WHAT IS BEING ASKED: Once you have read the records below, report how many lines contain the word "RtoC", and give nothing besides that number.

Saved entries
(* Under the setup below, for every $1\le i\le n-1$ and $1\le j\le D_i$, put $r_i=(d_i/d_{i+1})^{1/D_i}$ and $\widetilde w_{i,j}=r_ia_i\exp\!\big(\pi\mathrm{i}\tfrac{2j-1}{D_i}\big)$. Then there is a critical point $w_{i,j}\in\mathbb{C}\setminus\{0\}$ of $f$, i.e. a solution of $$\sum_{k=1}^{n-1}\frac{(-1)^{n-k}D_kz^{D_k}}{z^{D_k}-a_k^{D_k}}+(-1)^nd_1=0,$$ with $|w_{i,j}-\widetilde w_{i,j}|<u^{2/K}|a_i|$. Moreover $w_{i_1,j_1}=w_{i_2,j_2}$ if and only if $(i_1,j_1)=(i_2,j_2)$.
   Context: Setup. Fix $p\in\{0,1\}$, $n\ge2$ and positive integers $d_1,\dots,d_n$ with $\xi:=\sum_{i=1}^n 1/d_i<1$; let $K=\max_i d_i$ and $D_i=d_i+d_{i+1}$ ($1\le i\le n-1$). If $p=1$: $0<s\le\min\{K^{-5\xi/(1-\xi)},K^{5-2K}\}$, $u=sK^{-5}$, $v=sK^{-2}$. If $p=0$: $0<s\le\min\{2^{-(1-\xi)^{-1}(1+1/d_n-2\xi/3)^{-1}},(4K)^{-3/(1-\xi)},K^{-2K(1+1/d_n+2(1-\xi)/3)^{-1}}\}$, $u=s^{1+1/d_n+2(1-\xi)/3}$, $v=s^{1/d_n+(1-\xi)/3}$. Let $a_1,\dots,a_{n-1}\in\mathbb{C}$ with $|a_{n-1}|=v^{1/d_n}$ and $|a_i|=u^{1/d_{i+1}}|a_{i+1}|$ for $1\le i\le n-2$. Let $f=f_{p,d_1,\dots,d_n}$, where $$f_{p,d_1,\dots,d_n}(z)=z^{(-1)^{n-p}d_1}\prod_{i=1}^{n-1}\big(z^{D_i}-a_i^{D_i}\big)^{(-1)^{n-i-p}}.$$ *)

From Stdlib Require Import Reals Lra.
Open Scope R_scope.

Record Cplx := mkC { Re : R; Im : R }.

Definition C0 : Cplx := mkC 0 0.
Definition RtoC (x : R) : Cplx := mkC x 0.
Definition Cadd (z w : Cplx) : Cplx := mkC (Re z + Re w) (Im z + Im w).
Definition Copp (z : Cplx) : Cplx := mkC (- Re z) (- Im z).
Definition Csub (z w : Cplx) : Cplx := Cadd z (Copp w).
Definition Cmul (z w : Cplx) : Cplx :=
  mkC (Re z * Re w - Im z * Im w) (Re z * Im w + Im z * Re w).
Definition Cinv (z : Cplx) : Cplx :=
  mkC (Re z / (Re z ^ 2 + Im z ^ 2)) (- Im z / (Re z ^ 2 + Im z ^ 2)).
Definition Cdiv (z w : Cplx) : Cplx := Cmul z (Cinv w).
Fixpoint Cpow (z : Cplx) (k : nat) : Cplx :=
  match k with O => mkC 1 0 | S m => Cmul z (Cpow z m) end.
Definition Cmod (z : Cplx) : R := sqrt (Re z ^ 2 + Im z ^ 2).
Definition Cexpi (theta : R) : Cplx := mkC (cos theta) (sin theta).

Fixpoint sum1 (f : nat -> R) (m : nat) : R :=
  match m with O => 0 | S k => sum1 f k + f (S k) end.
Fixpoint Csum1 (f : nat -> Cplx) (m : nat) : Cplx :=
  match m with O => C0 | S k => Cadd (Csum1 f k) (f (S k)) end.
Fixpoint maxd (d : nat -> nat) (m : nat) : nat :=
  match m with O => O | S k => Nat.max (maxd d k) (d (S k)) end.

Definition xi (d : nat -> nat) (n : nat) : R := sum1 (fun i => / INR (d i)) n.
Definition Kmax (d : nat -> nat) (n : nat) : nat := maxd d n.
Definition Dd (d : nat -> nat) (i : nat) : nat := (d i + d (S i))%nat.

Definition s_admissible (p : nat) (d : nat -> nat) (n : nat) (s : R) : Prop :=
  let K := INR (Kmax d n) in
  let x := xi d n in
  let dn := INR (d n) in
  0 < s /\
  (p = 1%nat ->
     s <= Rpower K (- (5 * x / (1 - x))) /\ s <= Rpower K (5 - 2 * K)) /\
  (p = 0%nat ->
     s <= Rpower 2 (- (/ (1 - x) * / (1 + / dn - 2 * x / 3))) /\
     s <= Rpower (4 * K) (- (3 / (1 - x))) /\
     s <= Rpower K (- (2 * K * / (1 + / dn + 2 * (1 - x) / 3)))).

Definition u_par (p : nat) (d : nat -> nat) (n : nat) (s : R) : R :=
  let K := INR (Kmax d n) in
  let x := xi d n in
  let dn := INR (d n) in
  if Nat.eqb p 1 then s * Rpower K (-5)
  else Rpower s (1 + / dn + 2 * (1 - x) / 3).

Definition v_par (p : nat) (d : nat -> nat) (n : nat) (s : R) : R :=
  let K := INR (Kmax d n) in
  let x := xi d n in
  let dn := INR (d n) in
  if Nat.eqb p 1 then s * Rpower K (-2)
  else Rpower s (/ dn + (1 - x) / 3).

Definition crit_lhs (d : nat -> nat) (n : nat) (a : nat -> Cplx) (z : Cplx) : Cplx :=
  Cadd
    (Csum1 (fun k =>
       Cdiv (Cmul (RtoC ((-1) ^ (n - k) * INR (Dd d k))) (Cpow z (Dd d k)))
            (Csub (Cpow z (Dd d k)) (Cpow (a k) (Dd d k)))) (n - 1))
    (RtoC ((-1) ^ n * INR (d 1%nat))).

(* z is a critical point of f in Cplx \ {0}: z nonzero, in the domain of f
   (no denominator vanishes), and solves the equation above *)
Definition is_crit (d : nat -> nat) (n : nat) (a : nat -> Cplx) (z : Cplx) : Prop :=
  z <> C0 /\
  (forall k, (1 <= k <= n - 1)%nat -> Cpow z (Dd d k) <> Cpow (a k) (Dd d k)) /\
  crit_lhs d n a z = C0.
Lemma rset_app A u w :
  seteq (rset rg src L (rset rg src L A u) w) (rset rg src L A (u ++ w)).
Proof.
  destruct u as [|a u]; [intro; tauto|].
  destruct w as [|b w]; [rewrite app_nil_r; intro; tauto|].
  intro v; split.
  - intros (e' & l' & Hp' & Hw & (e & l & Hp & Hu & HA & Hlink) & Hv).
    exists e, (l ++ e' :: l'); repeat split.
    + now apply is_path_app.
    + now rewrite app_comm_cons, map_app, Hu, Hw.
    + exact HA.
    + now rewrite last_app_cons.
  - intros (e & l & Hp & Huw & HA & Hv).
    apply map_eq_app in Huw as ([|e1 l1] & [|e2 l2] & Hl & Hu & Hw);
      try discriminate.
    injection Hl as <- ->.
    apply is_path_app_inv in Hp as (Hp1 & Hp2 & Hlink).
    exists e2, l2; repeat split; auto.
    + exists e, l1; auto.
    + now rewrite <- Hv, last_app_cons.
Qed.

Lemma rset_subset A C w :
  subset A C -> subset (rset rg src L A w) (rset rg src L C w).
Proof.
  intros HAC v; destruct w; [apply HAC|].
  intros (e & l & Hp & Hw & HA & Hv); exists e, l; auto.
Qed.

Lemma rset_nonempty A w v : rset rg src L A w v -> exists u, A u.
Proof. destruct w; [eauto|]. intros (e & l & _ & _ & HA & _); eauto. Qed.

Lemma seg_in_Lplus alpha n m :
  in_Linf rg src L alpha -> n < m -> in_Lplus rg src L (seg alpha (S n) m).
Proof.
  intros [f [Hf Hlab]] Hnm; unfold seg.
  replace (S m - S n) with (S (m - S n)) by lia.
  generalize (m - S n) as d; intro d; clear Hnm.
  exists (f n), (map f (seq (S n) d)); split.
  - revert n; induction d as [|d IH]; intros n; [exact I|].
    split; [apply Hf|apply IH].
  - rewrite <- seq_shift, map_map; simpl; rewrite Nat.sub_0_r, Hlab; f_equal.
    rewrite <- !seq_shift, !map_map; apply map_ext; intro; now rewrite Hlab.
Qed.

Lemma seg_in_Lstar alpha n :
  in_Linf rg src L alpha -> in_Lstar rg src L (seg alpha 1 n).
Proof.
  intros Halpha; destruct n; [now left|].
  right; apply seg_in_Lplus; [exact Halpha|lia].
Qed.

Lemma idem_le_refl u A : idem_le rg src L (Trip u A) (Trip u A).
Proof. exists []; rewrite app_nil_r; split; [reflexivity|now intro]. Qed.

Lemma idem_le_trans p q s :
  idem_le rg src L p q -> idem_le rg src L q s -> idem_le rg src L p s.
Proof.
  destruct p as [|a A]; [trivial|]; destruct q as [|b C]; [contradiction|].
  destruct s as [|c D]; [contradiction|].
  intros (a' & -> & HAC) (b' & -> & HCD); exists (b' ++ a'); split.
  - now rewrite app_assoc.
  - intros v Hv; apply rset_app; exact (rset_subset a' HCD _ (HAC v Hv)).
Qed.

Lemma idem_le_rset u w A : idem_le rg src L (Trip (u ++ w) (rset rg src L A w)) (Trip u A).
Proof. exists w; split; [reflexivity|now intro]. Qed.

Lemma idem_le_seg_inv alpha n k A C :
  idem_le rg src L (Trip (seg alpha 1 k) C) (Trip (seg alpha 1 n) A) ->
  n <= k /\ subset C (rset rg src L A (seg alpha (S n) k)).
Proof.
  intros (a' & Hseg & HCA).
  assert (Hnk : n <= k).
  { apply (f_equal (@length _)) in Hseg.
    rewrite length_app, !length_seg1 in Hseg; lia. }
  rewrite <- (@seg_app _ alpha 1 n k) in Hseg by lia.
  apply app_inv_head in Hseg as <-; now split.
Qed.

End LabelledSpace.

Lemma filter_in_Bw_nil (V Ed Alph : Type) (rg src : Ed -> V) (L : Ed -> Alph) B G :
  is_filter_in (Bw rg src L B []) G -> is_filter_in B G.
Proof.
  intros (Hne & HB & Hnonempty & Hup & Hcap); repeat split; auto.
  - intros A HA; apply HB, HA.
  - intros A C HA HC HAC; apply (Hup A); [exact HA|now split|exact HAC].
Qed.

Section AdmissibleFamily.
Variables (V Ed Alph : Type) (rg src : Ed -> V) (L : Ed -> Alph).
Variables (B : (V -> Prop) -> Prop) (alpha : nat -> Alph) (F : nat -> (V -> Prop) -> Prop).
Hypotheses (Hacc : accommodating rg src L B)
           (Hwlr : weakly_left_resolving rg src L B)
           (Halpha : in_Linf rg src L alpha)
           (HF : admissible rg src L B alpha F).

Local Notation r := (rset rg src L).
Local Notation Bseg n := (Bw rg src L B (seg alpha 1 n)).
Local Notation Fbar' := (Fbar rg src L B alpha F).

Lemma rset_seg_app A n m k : n <= m -> m <= k ->
  seteq (r (r A (seg alpha (S n) m)) (seg alpha (S m) k)) (r A (seg alpha (S n) k)).
Proof.
  intros Hnm Hmk v; rewrite <- (@seg_app _ alpha (S n) m k) by lia; apply rset_app.
Qed.

Lemma Bw_rset_seg n k A : Bseg n A -> n <= k -> Bseg k (r A (seg alpha (S n) k)).
Proof.
  intros [HA Hsub] Hnk.
  destruct (Nat.eq_dec n k) as [<-|Hne]; [rewrite seg_empty; now split|].
  split.
  - apply (proj1 Hacc); [exact HA|apply seg_in_Lplus; [exact Halpha|lia]].
  - intros v Hv; eapply rset_subset in Hv; [|exact Hsub].
    apply rset_app in Hv; now rewrite seg_app in Hv by lia.
Qed.

(* F_0 may be empty, so a filter structure on F_m needs a witness. *)
Lemma admissible_filter m X : F m X -> is_filter_in (Bseg m) (F m).
Proof.
  destruct HF as [[[HF0|HF0] HFpos] _]; intros HX; destruct m as [|m].
  - destruct HF0 as (Hne & HB & Hnonempty & Hup & Hcap); repeat split; auto.
    intros A C HA [HC _]; eauto.
  - apply HFpos; lia.
  - now destruct (HF0 X).
  - apply HFpos; lia.
Qed.

Lemma admissible_upward m X Y : F m X -> Bseg m Y -> subset X Y -> F m Y.
Proof.
  intros HX HY HXY; destruct (admissible_filter HX) as (_ & _ & _ & Hup & _); eauto.
Qed.

Lemma admissible_nonempty m X : F m X -> exists v, X v.
Proof. intros HX; destruct (admissible_filter HX) as (_ & _ & Hne & _); auto. Qed.

Lemma admissible_rset_seg n k X : F n X -> n <= k -> F k (r X (seg alpha (S n) k)).
Proof.
  intros HX Hnk; induction Hnk as [|k Hnk IH]; [now rewrite seg_empty|].
  destruct (proj2 HF k _ IH) as [HBk HFk].
  apply (admissible_upward HFk).
  - apply Bw_rset_seg; [apply (proj2 HF n _ HX)|lia].
  - intros v Hv; apply rset_seg_app in Hv; [exact Hv|lia|lia].
Qed.

Lemma admissible_rset_seg_le n m k A :
  Bseg n A -> F m (r A (seg alpha (S n) m)) -> n <= m -> m <= k ->
  F k (r A (seg alpha (S n) k)).
Proof.
  intros HA Hm Hnm Hmk.
  apply (admissible_upward (admissible_rset_seg Hm Hmk)).
  - apply Bw_rset_seg; [exact HA|lia].
  - intros v Hv; apply rset_seg_app in Hv; [exact Hv|lia|lia].
Qed.

Lemma F_sub_Fbar n A : F n A -> Fbar' n A.
Proof.
  intros HA; split; [apply (proj2 HF n _ HA)|].
  exists n; split; [reflexivity|now rewrite seg_empty].
Qed.

Lemma Fbar_nonempty n A : Fbar' n A -> exists v, A v.
Proof.
  intros [_ (m & _ & Hm)]; destruct (admissible_nonempty Hm) as [v Hv].
  eapply rset_nonempty; exact Hv.
Qed.

Lemma Fbar_filter n : (exists A, Fbar' n A) -> is_filter_in (Bseg n) (Fbar' n).
Proof.
  intros Hne; split; [exact Hne|]; split; [intros A [HA _]; exact HA|].
  split; [apply Fbar_nonempty|]; split.
  - intros A C [HA (m & Hnm & Hm)] HC HAC; split; [exact HC|].
    exists m; split; [exact Hnm|].
    apply (admissible_upward Hm); [now apply Bw_rset_seg|now apply rset_subset].
  - intros A C [HA (m1 & Hnm1 & Hm1)] [HC (m2 & Hnm2 & Hm2)].
    generalize (Nat.le_max_l m1 m2) (Nat.le_max_r m1 m2).
    generalize (Nat.max m1 m2) as k; intros k Hk1 Hk2.
    assert (HAk := admissible_rset_seg_le HA Hm1 Hnm1 Hk1).
    assert (HCk := admissible_rset_seg_le HC Hm2 Hnm2 Hk2).
    assert (HAC : Bseg n (setI A C)).
    { split; [apply (proj1 (proj2 Hacc)); [apply HA|apply HC]|].
      intros v [Hv _]; now apply HA. }
    split; [exact HAC|]; exists k; split; [lia|].
    destruct (admissible_filter HAk) as (_ & _ & _ & _ & Hcap).
    apply (admissible_upward (Hcap _ _ HAk HCk));
      [apply Bw_rset_seg; [exact HAC|lia]|].
    destruct (Nat.eq_dec n k) as [<-|Hne']; [rewrite seg_empty; now intro|].
    intros v Hv; apply (Hwlr (proj1 HA) (proj1 HC));
      [apply seg_in_Lplus; [exact Halpha|lia]|exact Hv].
Qed.

Lemma Fbar_family_filters : family_filters rg src L B alpha Fbar'.
Proof.
  split.
  - destruct (classic (exists A, Fbar' 0 A)) as [Hne|Hempty].
    + left; apply filter_in_Bw_nil with (rg := rg) (src := src) (L := L).
      exact (Fbar_filter Hne).
    + right; intros A HA; apply Hempty; eauto.
  - intros n Hn; apply Fbar_filter.
    destruct (proj2 (proj1 HF) n Hn) as ([A HA] & _); exists A; now apply F_sub_Fbar.
Qed.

EXERCISE RESPONSE: 3